#### Supplied data

------------------------------------------------

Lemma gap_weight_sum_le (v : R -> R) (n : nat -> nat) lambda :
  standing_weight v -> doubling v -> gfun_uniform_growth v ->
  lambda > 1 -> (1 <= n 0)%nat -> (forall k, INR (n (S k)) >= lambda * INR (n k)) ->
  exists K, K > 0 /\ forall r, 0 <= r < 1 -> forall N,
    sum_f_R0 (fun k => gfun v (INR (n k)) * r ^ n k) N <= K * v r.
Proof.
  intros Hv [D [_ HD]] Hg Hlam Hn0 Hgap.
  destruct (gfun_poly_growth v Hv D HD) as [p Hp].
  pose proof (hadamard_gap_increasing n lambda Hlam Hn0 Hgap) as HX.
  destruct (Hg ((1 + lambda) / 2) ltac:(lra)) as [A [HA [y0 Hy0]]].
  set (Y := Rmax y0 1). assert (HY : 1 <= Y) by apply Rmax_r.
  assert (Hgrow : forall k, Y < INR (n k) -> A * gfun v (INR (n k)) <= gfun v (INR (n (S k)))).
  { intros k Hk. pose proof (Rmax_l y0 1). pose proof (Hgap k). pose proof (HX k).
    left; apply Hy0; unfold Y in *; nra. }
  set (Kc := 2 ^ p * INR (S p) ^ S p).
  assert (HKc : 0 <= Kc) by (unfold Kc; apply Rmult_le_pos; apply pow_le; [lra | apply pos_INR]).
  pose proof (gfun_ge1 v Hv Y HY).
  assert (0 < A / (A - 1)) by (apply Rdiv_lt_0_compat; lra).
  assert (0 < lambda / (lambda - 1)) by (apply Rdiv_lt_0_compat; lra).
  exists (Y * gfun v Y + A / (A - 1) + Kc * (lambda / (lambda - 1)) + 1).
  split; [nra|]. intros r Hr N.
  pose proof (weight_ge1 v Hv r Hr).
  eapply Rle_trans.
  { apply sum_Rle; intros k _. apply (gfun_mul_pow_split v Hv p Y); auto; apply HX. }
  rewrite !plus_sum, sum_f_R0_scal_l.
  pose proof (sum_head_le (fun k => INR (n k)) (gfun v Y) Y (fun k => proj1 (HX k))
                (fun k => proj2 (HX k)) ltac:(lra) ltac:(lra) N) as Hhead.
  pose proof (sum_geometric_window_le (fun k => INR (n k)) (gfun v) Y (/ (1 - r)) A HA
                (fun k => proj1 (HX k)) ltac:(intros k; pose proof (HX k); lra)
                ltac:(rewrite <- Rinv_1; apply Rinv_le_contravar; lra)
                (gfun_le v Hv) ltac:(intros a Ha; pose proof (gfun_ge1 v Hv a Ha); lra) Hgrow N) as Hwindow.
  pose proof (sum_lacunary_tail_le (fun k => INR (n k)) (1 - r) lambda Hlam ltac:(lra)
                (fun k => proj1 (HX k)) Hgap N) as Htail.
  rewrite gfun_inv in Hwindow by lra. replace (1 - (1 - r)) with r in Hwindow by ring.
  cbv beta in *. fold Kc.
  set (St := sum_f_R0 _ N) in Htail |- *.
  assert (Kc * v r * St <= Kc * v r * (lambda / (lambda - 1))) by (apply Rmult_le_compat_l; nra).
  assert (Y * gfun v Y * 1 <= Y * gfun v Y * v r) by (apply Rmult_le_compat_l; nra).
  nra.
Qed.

------------------------------------------------

Restate the records above verbatim up to and including the line containing "set (Y := Rmax".

Lemma gap_weight_sum_le (v : R -> R) (n : nat -> nat) lambda :
  standing_weight v -> doubling v -> gfun_uniform_growth v ->
  lambda > 1 -> (1 <= n 0)%nat -> (forall k, INR (n (S k)) >= lambda * INR (n k)) ->
  exists K, K > 0 /\ forall r, 0 <= r < 1 -> forall N,
    sum_f_R0 (fun k => gfun v (INR (n k)) * r ^ n k) N <= K * v r.
Proof.
  intros Hv [D [_ HD]] Hg Hlam Hn0 Hgap.
  destruct (gfun_poly_growth v Hv D HD) as [p Hp].
  pose proof (hadamard_gap_increasing n lambda Hlam Hn0 Hgap) as HX.
  destruct (Hg ((1 + lambda) / 2) ltac:(lra)) as [A [HA [y0 Hy0]]].
  set (Y := Rmax y0 1). assert (HY : 1 <= Y) by apply Rmax_r.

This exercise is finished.